What needs to be done: Begin at the first line below and copy each line exactly, ending with the line where "Closedness: f(Delta) is" appears.

Task data:
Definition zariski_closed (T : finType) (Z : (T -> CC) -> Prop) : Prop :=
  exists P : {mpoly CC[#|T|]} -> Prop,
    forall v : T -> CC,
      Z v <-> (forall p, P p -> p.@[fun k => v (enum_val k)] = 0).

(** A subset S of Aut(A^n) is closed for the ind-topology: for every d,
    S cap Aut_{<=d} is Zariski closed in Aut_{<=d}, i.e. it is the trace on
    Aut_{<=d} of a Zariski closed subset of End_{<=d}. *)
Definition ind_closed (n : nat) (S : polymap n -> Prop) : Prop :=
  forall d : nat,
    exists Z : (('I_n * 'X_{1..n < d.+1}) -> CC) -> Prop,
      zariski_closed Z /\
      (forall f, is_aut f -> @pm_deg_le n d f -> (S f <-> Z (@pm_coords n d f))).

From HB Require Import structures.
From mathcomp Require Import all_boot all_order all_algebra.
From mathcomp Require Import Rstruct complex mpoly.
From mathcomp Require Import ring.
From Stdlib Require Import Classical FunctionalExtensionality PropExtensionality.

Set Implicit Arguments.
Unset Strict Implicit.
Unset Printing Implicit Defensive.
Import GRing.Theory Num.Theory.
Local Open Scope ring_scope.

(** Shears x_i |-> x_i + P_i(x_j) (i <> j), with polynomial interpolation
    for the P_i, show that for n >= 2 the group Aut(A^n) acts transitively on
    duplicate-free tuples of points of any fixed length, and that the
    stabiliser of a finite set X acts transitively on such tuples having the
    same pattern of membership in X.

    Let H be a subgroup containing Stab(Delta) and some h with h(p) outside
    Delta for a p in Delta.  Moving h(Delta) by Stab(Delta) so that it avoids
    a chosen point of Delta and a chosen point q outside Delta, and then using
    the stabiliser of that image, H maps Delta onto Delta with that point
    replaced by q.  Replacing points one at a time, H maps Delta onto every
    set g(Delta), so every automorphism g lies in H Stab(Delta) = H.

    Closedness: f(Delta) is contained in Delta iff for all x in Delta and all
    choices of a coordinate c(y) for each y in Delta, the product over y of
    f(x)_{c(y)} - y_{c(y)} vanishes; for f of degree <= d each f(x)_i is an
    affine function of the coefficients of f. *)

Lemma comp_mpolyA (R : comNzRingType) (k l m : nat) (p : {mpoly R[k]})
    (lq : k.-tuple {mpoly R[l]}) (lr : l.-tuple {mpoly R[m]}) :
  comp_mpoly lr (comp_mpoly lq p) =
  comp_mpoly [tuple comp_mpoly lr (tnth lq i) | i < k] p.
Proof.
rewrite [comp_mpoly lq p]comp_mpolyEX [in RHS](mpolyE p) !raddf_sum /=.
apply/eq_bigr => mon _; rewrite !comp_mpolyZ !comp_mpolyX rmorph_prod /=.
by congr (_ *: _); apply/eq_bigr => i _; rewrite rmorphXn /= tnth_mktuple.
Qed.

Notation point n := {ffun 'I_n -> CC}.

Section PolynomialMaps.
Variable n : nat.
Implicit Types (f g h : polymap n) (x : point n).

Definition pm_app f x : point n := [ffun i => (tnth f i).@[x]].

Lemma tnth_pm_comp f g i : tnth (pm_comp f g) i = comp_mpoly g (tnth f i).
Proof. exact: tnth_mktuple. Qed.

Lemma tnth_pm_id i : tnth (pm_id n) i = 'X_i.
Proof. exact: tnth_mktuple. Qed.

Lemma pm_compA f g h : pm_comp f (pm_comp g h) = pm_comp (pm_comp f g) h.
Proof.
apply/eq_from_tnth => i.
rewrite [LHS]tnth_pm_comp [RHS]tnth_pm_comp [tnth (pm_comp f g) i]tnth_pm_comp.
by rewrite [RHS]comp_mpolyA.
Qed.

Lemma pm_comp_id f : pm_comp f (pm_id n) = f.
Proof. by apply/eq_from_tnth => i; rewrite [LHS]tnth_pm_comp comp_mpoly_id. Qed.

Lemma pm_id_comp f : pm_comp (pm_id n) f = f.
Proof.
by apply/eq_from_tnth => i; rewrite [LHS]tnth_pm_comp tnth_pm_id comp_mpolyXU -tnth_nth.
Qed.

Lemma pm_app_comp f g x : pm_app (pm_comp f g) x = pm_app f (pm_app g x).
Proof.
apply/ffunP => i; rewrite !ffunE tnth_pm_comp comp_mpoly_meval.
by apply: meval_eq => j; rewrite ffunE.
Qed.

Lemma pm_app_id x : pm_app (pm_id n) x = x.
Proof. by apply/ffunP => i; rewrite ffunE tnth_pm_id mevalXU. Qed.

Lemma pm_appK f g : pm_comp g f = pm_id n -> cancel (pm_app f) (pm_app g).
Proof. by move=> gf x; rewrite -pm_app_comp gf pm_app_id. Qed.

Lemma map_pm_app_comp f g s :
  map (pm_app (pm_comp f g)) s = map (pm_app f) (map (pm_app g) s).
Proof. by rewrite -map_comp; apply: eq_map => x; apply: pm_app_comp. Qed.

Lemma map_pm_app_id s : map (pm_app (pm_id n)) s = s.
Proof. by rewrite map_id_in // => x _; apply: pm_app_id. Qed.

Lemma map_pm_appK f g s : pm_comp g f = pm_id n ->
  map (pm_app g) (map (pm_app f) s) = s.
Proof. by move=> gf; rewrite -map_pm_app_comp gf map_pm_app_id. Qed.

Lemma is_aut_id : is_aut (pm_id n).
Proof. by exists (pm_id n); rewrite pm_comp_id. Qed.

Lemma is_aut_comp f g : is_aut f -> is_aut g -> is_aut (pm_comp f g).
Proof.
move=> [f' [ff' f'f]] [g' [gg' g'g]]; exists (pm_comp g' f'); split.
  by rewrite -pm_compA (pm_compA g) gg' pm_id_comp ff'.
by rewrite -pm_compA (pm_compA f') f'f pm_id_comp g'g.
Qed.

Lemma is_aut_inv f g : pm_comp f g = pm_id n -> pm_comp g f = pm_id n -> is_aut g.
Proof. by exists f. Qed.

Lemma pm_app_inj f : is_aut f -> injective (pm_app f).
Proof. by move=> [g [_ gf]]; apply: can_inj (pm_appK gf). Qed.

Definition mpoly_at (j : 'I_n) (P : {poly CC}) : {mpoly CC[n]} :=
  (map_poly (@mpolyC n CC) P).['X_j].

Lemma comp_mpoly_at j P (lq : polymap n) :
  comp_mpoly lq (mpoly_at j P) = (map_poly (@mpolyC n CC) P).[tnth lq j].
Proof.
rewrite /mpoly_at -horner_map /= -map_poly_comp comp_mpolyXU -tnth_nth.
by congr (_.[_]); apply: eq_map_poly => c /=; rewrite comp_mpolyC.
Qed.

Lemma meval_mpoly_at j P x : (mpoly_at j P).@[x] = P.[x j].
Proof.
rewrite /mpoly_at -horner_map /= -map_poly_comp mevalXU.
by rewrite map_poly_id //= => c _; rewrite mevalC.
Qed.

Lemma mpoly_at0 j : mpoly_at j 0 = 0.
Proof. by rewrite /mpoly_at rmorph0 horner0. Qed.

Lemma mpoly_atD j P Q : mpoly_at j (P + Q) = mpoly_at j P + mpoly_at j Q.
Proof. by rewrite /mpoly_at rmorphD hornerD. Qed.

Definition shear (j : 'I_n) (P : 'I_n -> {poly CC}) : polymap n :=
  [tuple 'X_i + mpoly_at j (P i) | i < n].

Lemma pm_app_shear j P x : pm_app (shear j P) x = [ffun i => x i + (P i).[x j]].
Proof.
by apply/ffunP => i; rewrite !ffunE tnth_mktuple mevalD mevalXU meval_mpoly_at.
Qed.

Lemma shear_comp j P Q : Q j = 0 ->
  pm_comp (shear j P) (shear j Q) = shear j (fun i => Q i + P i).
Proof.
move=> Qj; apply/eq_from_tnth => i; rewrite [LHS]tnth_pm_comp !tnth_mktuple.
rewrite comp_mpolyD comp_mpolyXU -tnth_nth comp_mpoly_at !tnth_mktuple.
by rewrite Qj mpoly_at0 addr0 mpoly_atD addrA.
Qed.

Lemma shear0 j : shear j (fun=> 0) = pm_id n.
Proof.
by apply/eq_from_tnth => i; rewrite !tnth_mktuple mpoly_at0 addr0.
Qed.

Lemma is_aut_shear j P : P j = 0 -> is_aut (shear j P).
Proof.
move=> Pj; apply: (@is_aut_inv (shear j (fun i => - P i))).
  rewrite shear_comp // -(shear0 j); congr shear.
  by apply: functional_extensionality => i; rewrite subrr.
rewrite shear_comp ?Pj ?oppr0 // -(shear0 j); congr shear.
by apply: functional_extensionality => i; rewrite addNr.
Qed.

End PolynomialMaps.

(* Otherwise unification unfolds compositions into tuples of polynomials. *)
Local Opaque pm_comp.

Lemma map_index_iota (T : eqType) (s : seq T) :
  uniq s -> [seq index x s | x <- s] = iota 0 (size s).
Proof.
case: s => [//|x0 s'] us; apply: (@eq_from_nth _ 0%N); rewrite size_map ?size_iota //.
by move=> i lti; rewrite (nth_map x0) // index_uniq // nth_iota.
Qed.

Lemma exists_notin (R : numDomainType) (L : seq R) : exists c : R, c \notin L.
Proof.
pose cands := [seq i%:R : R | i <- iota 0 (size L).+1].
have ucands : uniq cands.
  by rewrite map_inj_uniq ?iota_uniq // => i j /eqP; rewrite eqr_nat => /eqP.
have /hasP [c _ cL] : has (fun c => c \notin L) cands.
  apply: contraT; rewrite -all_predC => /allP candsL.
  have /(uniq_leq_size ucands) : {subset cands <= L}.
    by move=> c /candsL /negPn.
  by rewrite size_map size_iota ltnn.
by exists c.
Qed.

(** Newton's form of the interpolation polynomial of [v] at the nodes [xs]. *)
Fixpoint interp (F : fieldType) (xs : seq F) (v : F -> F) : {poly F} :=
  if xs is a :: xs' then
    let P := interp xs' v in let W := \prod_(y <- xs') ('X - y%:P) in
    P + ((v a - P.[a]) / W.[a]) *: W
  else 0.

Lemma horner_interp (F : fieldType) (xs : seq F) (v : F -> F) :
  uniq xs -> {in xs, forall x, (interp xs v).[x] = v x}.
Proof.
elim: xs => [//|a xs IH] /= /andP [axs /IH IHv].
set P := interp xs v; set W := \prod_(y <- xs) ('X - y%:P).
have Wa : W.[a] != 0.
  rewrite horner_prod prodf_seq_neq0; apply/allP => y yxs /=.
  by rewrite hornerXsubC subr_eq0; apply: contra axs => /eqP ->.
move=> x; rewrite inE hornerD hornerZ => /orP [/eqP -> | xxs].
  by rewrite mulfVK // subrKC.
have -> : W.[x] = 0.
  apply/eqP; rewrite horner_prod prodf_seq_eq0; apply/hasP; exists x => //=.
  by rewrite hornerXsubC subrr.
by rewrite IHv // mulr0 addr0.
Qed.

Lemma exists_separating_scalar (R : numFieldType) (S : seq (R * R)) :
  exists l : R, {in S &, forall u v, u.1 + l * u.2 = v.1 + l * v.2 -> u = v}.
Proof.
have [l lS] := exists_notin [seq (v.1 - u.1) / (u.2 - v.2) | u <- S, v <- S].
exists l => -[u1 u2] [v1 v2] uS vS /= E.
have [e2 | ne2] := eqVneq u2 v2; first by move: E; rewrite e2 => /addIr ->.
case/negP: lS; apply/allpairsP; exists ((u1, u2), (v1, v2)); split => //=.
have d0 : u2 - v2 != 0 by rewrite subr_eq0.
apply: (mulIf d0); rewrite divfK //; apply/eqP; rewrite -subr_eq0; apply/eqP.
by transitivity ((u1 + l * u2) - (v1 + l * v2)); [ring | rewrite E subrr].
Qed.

Solution:
Definition zariski_closed (T : finType) (Z : (T -> CC) -> Prop) : Prop :=
  exists P : {mpoly CC[#|T|]} -> Prop,
    forall v : T -> CC,
      Z v <-> (forall p, P p -> p.@[fun k => v (enum_val k)] = 0).

(** A subset S of Aut(A^n) is closed for the ind-topology: for every d,
    S cap Aut_{<=d} is Zariski closed in Aut_{<=d}, i.e. it is the trace on
    Aut_{<=d} of a Zariski closed subset of End_{<=d}. *)
Definition ind_closed (n : nat) (S : polymap n -> Prop) : Prop :=
  forall d : nat,
    exists Z : (('I_n * 'X_{1..n < d.+1}) -> CC) -> Prop,
      zariski_closed Z /\
      (forall f, is_aut f -> @pm_deg_le n d f -> (S f <-> Z (@pm_coords n d f))).

From HB Require Import structures.
From mathcomp Require Import all_boot all_order all_algebra.
From mathcomp Require Import Rstruct complex mpoly.
From mathcomp Require Import ring.
From Stdlib Require Import Classical FunctionalExtensionality PropExtensionality.

Set Implicit Arguments.
Unset Strict Implicit.
Unset Printing Implicit Defensive.
Import GRing.Theory Num.Theory.
Local Open Scope ring_scope.

(** Shears x_i |-> x_i + P_i(x_j) (i <> j), with polynomial interpolation
    for the P_i, show that for n >= 2 the group Aut(A^n) acts transitively on
    duplicate-free tuples of points of any fixed length, and that the
    stabiliser of a finite set X acts transitively on such tuples having the
    same pattern of membership in X.

    Let H be a subgroup containing Stab(Delta) and some h with h(p) outside
    Delta for a p in Delta.  Moving h(Delta) by Stab(Delta) so that it avoids
    a chosen point of Delta and a chosen point q outside Delta, and then using
    the stabiliser of that image, H maps Delta onto Delta with that point
    replaced by q.  Replacing points one at a time, H maps Delta onto every
    set g(Delta), so every automorphism g lies in H Stab(Delta) = H.

    Closedness: f(Delta) is contained in Delta iff for all x in Delta and all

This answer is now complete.